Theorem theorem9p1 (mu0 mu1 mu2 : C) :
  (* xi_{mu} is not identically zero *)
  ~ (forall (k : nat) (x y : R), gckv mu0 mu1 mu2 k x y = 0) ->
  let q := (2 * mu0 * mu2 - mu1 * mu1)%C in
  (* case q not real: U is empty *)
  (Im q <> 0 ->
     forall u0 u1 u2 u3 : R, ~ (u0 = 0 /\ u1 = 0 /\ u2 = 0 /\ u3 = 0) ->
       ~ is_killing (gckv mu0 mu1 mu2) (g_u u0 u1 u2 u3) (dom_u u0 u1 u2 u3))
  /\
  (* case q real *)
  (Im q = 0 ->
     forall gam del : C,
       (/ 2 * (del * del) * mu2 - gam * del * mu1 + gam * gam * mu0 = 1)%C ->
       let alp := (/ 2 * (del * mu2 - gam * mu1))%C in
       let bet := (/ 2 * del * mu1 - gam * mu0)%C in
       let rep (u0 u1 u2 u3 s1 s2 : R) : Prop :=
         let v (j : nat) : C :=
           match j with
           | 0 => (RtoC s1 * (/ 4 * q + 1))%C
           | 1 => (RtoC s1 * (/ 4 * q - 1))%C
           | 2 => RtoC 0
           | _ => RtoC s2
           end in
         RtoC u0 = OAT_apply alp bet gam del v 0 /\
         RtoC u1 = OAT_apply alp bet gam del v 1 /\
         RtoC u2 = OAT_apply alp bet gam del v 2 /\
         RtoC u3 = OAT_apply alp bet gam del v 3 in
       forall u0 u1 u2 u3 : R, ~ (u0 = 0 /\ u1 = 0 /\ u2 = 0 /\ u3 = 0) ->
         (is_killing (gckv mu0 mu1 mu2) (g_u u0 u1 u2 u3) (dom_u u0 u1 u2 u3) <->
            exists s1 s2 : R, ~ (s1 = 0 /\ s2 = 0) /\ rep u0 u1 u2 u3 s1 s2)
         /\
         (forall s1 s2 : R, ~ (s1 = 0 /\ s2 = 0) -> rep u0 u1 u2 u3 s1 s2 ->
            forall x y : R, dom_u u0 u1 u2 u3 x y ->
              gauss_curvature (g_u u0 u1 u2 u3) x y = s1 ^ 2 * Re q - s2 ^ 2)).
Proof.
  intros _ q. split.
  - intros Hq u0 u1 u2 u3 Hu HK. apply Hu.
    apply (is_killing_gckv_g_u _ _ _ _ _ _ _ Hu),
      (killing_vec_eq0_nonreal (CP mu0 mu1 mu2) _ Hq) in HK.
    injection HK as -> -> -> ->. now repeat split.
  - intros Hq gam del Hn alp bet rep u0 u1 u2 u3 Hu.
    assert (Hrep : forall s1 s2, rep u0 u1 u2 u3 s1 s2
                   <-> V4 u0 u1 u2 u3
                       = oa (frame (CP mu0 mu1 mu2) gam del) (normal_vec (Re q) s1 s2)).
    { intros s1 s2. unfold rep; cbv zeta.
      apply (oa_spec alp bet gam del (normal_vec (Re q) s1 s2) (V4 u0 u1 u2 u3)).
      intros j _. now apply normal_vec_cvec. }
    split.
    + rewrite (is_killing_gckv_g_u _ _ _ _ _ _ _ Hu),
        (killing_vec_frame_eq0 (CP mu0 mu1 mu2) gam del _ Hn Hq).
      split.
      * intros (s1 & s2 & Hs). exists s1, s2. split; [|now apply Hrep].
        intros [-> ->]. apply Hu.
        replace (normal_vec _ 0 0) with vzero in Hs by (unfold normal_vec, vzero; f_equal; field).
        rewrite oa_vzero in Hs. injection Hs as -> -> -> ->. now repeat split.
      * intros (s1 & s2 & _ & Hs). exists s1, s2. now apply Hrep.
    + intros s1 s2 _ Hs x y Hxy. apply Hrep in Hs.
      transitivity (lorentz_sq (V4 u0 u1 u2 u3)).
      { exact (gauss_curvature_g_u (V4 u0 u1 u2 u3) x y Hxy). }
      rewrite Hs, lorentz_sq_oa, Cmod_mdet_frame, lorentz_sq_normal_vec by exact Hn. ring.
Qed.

□ □ □ □ □

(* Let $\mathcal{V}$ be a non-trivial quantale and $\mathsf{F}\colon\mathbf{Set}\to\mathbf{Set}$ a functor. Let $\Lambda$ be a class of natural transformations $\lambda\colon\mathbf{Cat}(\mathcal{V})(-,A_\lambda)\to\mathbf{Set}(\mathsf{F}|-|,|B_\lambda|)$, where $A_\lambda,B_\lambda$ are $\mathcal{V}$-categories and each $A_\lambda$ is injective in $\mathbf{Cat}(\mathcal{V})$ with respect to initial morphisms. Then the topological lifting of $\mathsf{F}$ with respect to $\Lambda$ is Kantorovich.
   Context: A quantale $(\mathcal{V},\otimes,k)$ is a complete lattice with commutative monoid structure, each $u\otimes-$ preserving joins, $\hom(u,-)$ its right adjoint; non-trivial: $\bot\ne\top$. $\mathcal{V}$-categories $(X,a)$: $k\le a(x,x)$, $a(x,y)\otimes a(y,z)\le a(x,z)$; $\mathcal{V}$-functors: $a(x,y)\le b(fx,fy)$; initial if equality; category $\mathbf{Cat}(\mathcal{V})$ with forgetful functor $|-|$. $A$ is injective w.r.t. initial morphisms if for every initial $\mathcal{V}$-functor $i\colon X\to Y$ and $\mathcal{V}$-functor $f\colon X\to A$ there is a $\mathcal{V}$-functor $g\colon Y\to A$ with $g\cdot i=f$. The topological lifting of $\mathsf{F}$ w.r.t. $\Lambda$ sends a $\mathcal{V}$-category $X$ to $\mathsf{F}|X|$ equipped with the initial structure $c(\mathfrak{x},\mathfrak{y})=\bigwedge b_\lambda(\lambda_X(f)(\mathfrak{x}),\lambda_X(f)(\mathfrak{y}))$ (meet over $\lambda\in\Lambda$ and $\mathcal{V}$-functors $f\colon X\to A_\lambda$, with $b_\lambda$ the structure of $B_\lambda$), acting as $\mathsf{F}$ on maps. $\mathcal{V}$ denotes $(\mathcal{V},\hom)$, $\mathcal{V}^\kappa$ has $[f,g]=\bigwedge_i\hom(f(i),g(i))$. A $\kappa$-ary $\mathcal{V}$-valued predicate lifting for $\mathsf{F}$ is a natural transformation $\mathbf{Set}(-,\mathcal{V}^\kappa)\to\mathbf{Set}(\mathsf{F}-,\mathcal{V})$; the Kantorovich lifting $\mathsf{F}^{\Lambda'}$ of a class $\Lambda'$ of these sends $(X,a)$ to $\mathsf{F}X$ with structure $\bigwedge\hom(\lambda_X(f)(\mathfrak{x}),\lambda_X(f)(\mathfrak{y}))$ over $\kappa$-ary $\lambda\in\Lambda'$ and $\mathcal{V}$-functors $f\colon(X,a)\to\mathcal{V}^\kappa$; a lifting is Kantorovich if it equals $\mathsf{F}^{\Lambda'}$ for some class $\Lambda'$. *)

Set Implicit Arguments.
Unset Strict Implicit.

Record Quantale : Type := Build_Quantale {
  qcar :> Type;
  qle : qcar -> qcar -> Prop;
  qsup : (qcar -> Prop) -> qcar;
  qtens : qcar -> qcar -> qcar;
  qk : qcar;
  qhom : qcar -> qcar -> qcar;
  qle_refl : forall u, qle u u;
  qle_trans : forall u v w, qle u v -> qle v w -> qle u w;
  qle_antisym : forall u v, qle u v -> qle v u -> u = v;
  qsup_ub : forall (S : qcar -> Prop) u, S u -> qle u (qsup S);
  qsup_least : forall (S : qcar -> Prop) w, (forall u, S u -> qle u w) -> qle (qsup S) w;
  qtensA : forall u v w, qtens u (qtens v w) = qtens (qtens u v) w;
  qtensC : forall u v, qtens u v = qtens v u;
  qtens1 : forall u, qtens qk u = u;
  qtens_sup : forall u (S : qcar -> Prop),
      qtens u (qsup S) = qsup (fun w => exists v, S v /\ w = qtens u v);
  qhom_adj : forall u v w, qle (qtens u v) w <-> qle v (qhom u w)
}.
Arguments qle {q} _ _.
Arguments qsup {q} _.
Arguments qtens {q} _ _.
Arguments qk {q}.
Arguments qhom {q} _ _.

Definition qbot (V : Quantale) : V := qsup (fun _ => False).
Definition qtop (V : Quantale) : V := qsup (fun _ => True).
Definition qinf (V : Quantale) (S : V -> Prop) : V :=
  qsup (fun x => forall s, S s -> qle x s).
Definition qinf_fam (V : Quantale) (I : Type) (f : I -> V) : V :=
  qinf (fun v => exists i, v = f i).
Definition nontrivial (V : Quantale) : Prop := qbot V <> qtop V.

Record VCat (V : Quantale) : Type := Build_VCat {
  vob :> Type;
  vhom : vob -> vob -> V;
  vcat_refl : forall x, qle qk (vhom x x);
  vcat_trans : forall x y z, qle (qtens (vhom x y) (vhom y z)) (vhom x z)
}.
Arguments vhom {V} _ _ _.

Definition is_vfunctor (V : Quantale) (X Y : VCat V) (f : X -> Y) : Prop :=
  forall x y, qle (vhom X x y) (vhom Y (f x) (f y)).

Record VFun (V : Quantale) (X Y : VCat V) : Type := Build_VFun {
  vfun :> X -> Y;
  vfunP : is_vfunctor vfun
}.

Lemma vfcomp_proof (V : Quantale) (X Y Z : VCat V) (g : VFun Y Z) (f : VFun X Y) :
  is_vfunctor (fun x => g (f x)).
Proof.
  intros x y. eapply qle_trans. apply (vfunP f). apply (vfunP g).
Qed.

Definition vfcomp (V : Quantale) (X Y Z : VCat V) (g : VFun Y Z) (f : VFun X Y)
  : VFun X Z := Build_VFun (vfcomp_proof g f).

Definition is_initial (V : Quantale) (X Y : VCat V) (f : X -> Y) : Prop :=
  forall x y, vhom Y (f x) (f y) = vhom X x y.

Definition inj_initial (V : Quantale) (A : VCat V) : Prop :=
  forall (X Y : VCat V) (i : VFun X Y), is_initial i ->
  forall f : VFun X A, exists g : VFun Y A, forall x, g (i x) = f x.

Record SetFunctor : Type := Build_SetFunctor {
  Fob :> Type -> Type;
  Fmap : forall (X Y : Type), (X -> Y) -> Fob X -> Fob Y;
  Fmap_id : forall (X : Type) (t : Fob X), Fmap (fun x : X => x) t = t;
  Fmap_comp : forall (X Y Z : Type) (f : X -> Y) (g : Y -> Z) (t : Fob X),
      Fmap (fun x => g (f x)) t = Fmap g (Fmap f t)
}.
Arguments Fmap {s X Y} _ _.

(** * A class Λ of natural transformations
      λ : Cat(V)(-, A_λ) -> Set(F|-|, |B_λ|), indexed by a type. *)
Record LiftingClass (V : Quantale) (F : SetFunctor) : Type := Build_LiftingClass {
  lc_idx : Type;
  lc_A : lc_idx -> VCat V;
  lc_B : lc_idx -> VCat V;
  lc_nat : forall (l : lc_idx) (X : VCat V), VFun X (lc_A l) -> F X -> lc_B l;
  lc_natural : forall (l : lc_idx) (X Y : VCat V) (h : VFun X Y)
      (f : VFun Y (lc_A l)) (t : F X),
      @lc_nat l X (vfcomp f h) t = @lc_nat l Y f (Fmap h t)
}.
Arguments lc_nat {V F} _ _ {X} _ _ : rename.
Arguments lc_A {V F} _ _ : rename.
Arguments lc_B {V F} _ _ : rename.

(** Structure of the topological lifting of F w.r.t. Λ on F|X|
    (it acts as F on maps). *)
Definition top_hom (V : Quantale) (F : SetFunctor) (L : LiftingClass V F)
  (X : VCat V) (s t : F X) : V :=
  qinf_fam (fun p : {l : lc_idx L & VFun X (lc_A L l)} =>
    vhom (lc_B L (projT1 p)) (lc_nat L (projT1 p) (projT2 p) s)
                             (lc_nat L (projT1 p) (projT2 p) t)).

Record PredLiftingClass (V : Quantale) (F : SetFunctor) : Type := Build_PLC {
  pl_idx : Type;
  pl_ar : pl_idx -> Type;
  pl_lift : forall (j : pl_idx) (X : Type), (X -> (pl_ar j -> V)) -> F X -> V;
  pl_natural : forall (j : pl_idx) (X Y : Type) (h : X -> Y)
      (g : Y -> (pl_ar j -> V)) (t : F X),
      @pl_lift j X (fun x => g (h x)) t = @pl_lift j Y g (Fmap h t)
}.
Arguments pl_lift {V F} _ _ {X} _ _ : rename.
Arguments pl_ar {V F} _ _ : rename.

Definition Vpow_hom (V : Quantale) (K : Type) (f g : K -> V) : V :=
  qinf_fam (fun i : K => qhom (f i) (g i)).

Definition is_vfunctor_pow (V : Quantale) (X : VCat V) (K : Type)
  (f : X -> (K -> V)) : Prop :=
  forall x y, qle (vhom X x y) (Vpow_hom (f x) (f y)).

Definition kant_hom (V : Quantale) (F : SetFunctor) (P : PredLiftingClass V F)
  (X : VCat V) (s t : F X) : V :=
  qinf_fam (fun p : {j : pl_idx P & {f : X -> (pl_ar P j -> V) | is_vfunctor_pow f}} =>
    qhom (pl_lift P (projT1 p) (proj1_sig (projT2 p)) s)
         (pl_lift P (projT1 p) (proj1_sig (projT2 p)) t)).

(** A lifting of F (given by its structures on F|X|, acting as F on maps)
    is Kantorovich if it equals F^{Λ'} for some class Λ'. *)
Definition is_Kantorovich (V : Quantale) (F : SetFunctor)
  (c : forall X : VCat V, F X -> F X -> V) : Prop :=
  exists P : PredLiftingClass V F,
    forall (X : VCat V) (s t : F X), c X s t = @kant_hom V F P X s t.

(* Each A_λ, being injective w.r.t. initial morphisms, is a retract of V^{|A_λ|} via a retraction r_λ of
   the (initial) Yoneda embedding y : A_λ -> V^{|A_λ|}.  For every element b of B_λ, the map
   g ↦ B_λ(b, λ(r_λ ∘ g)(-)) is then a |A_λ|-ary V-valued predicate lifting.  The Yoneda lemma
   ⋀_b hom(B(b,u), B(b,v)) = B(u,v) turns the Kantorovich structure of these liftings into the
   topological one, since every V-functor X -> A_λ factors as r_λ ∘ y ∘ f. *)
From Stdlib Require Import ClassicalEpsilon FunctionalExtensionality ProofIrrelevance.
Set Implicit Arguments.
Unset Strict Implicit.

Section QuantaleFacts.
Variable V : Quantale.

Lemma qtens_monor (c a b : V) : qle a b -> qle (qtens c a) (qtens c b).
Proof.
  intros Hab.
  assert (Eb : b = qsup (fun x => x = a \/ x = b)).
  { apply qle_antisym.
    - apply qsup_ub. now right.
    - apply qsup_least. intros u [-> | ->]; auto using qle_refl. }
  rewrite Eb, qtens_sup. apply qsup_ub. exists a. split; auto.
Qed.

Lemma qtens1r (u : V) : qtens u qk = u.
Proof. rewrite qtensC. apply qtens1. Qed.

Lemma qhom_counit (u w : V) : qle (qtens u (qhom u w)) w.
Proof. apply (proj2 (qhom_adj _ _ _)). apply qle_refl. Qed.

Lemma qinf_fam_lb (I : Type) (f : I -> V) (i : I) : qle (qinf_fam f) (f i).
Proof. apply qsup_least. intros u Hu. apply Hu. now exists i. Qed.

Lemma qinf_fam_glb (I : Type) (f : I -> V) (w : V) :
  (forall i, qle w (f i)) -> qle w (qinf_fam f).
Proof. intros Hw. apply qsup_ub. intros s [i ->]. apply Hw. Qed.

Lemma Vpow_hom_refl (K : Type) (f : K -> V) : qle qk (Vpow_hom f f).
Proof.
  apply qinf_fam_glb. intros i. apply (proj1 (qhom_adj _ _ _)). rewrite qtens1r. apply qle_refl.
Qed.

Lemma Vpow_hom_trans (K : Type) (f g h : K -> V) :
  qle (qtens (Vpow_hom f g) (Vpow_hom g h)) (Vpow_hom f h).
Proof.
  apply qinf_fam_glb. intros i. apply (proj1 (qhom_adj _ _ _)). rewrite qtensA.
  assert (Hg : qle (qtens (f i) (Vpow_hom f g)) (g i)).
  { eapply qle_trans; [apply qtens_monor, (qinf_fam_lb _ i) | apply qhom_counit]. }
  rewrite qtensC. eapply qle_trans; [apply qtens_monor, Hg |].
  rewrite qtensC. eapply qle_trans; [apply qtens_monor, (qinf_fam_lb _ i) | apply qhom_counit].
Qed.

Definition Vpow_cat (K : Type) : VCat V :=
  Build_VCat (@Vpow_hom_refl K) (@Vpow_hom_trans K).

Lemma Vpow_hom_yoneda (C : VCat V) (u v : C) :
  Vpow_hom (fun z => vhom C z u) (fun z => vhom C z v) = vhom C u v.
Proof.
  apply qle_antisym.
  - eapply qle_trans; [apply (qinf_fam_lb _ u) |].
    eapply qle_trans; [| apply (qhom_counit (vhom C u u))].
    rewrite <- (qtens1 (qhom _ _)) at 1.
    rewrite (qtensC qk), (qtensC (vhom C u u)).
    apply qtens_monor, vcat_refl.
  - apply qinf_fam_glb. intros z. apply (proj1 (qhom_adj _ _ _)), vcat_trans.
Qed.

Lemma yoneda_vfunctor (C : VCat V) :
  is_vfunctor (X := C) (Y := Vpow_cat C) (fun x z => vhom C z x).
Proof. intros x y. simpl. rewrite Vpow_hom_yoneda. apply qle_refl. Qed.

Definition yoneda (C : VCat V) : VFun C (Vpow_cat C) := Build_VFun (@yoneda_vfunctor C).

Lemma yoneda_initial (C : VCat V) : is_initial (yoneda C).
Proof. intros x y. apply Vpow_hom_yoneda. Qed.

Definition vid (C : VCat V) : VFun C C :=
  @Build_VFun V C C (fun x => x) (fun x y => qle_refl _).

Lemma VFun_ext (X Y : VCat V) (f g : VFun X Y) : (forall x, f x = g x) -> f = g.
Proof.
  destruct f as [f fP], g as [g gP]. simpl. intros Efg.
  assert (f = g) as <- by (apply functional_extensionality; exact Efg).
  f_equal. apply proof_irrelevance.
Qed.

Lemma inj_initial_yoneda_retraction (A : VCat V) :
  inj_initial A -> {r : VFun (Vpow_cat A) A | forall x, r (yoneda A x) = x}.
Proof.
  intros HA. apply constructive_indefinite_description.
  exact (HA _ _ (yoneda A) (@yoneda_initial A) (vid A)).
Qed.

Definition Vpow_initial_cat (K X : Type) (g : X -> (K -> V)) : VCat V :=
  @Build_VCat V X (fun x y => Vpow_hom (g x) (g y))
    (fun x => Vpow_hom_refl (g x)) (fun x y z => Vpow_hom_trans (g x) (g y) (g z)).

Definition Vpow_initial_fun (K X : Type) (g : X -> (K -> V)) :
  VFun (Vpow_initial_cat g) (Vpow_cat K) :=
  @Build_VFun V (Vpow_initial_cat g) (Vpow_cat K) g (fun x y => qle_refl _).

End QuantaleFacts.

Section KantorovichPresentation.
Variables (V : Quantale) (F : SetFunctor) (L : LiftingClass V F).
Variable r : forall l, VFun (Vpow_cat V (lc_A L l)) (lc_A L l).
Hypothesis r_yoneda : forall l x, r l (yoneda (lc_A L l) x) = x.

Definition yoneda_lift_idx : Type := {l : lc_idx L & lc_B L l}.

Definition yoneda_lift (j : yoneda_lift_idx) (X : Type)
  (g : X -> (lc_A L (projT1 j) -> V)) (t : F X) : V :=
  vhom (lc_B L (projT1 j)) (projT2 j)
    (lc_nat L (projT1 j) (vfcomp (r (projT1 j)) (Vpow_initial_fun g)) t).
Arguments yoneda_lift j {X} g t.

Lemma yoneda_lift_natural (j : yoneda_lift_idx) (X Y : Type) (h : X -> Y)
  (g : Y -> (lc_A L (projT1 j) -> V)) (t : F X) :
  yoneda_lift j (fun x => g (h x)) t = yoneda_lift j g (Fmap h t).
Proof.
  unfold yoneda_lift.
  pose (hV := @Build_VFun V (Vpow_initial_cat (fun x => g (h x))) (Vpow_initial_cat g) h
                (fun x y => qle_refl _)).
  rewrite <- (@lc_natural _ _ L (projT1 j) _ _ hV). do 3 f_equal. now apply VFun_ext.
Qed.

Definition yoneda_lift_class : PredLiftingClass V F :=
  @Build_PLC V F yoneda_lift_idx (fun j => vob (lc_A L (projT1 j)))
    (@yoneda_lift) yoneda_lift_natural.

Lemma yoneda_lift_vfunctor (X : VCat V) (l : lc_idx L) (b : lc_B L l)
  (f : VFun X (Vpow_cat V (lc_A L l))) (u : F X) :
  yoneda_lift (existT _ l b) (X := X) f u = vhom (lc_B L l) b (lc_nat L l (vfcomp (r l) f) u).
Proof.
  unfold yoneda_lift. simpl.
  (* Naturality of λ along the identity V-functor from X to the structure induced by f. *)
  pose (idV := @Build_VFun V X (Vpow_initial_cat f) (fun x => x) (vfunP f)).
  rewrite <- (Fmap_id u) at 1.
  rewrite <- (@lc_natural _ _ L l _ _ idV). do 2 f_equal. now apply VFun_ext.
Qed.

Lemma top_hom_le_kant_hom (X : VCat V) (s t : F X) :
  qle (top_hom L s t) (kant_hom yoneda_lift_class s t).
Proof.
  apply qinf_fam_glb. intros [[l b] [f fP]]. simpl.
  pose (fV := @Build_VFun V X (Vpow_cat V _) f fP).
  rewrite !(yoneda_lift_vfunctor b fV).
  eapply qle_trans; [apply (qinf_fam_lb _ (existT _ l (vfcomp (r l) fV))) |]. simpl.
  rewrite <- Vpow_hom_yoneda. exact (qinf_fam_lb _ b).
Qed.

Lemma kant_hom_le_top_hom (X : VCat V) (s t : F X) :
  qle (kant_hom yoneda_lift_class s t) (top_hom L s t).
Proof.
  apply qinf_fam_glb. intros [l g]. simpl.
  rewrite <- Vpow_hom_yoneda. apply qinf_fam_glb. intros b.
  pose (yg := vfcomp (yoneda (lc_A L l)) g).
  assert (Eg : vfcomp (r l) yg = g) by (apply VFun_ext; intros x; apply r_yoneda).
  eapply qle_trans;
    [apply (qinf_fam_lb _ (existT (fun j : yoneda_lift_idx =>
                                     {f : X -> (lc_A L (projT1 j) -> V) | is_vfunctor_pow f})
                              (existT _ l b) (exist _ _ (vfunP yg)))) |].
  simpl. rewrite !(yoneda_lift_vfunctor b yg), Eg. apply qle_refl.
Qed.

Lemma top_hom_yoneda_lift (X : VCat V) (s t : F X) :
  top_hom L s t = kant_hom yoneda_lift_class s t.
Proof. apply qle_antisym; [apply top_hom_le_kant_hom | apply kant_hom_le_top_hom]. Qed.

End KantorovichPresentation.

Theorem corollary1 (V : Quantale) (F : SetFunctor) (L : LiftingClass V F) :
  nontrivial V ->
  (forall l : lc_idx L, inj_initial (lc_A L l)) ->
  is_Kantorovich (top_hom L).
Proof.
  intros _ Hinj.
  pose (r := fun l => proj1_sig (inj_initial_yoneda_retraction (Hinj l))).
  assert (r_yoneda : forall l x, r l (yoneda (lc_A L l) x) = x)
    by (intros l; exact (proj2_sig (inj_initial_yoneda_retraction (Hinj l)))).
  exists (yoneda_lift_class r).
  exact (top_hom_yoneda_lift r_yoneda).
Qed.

□ □ □ □ □

▶ _What to produce_
In the material, find each line with the word "Hrep" and list it.

▶ _Result of the task_
    assert (Hrep : forall s1 s2, rep u0 u1 u2 u3 s1 s2
      * intros (s1 & s2 & Hs). exists s1, s2. split; [|now apply Hrep].
      * intros (s1 & s2 & _ & Hs). exists s1, s2. now apply Hrep.
    + intros s1 s2 _ Hs x y Hxy. apply Hrep in Hs.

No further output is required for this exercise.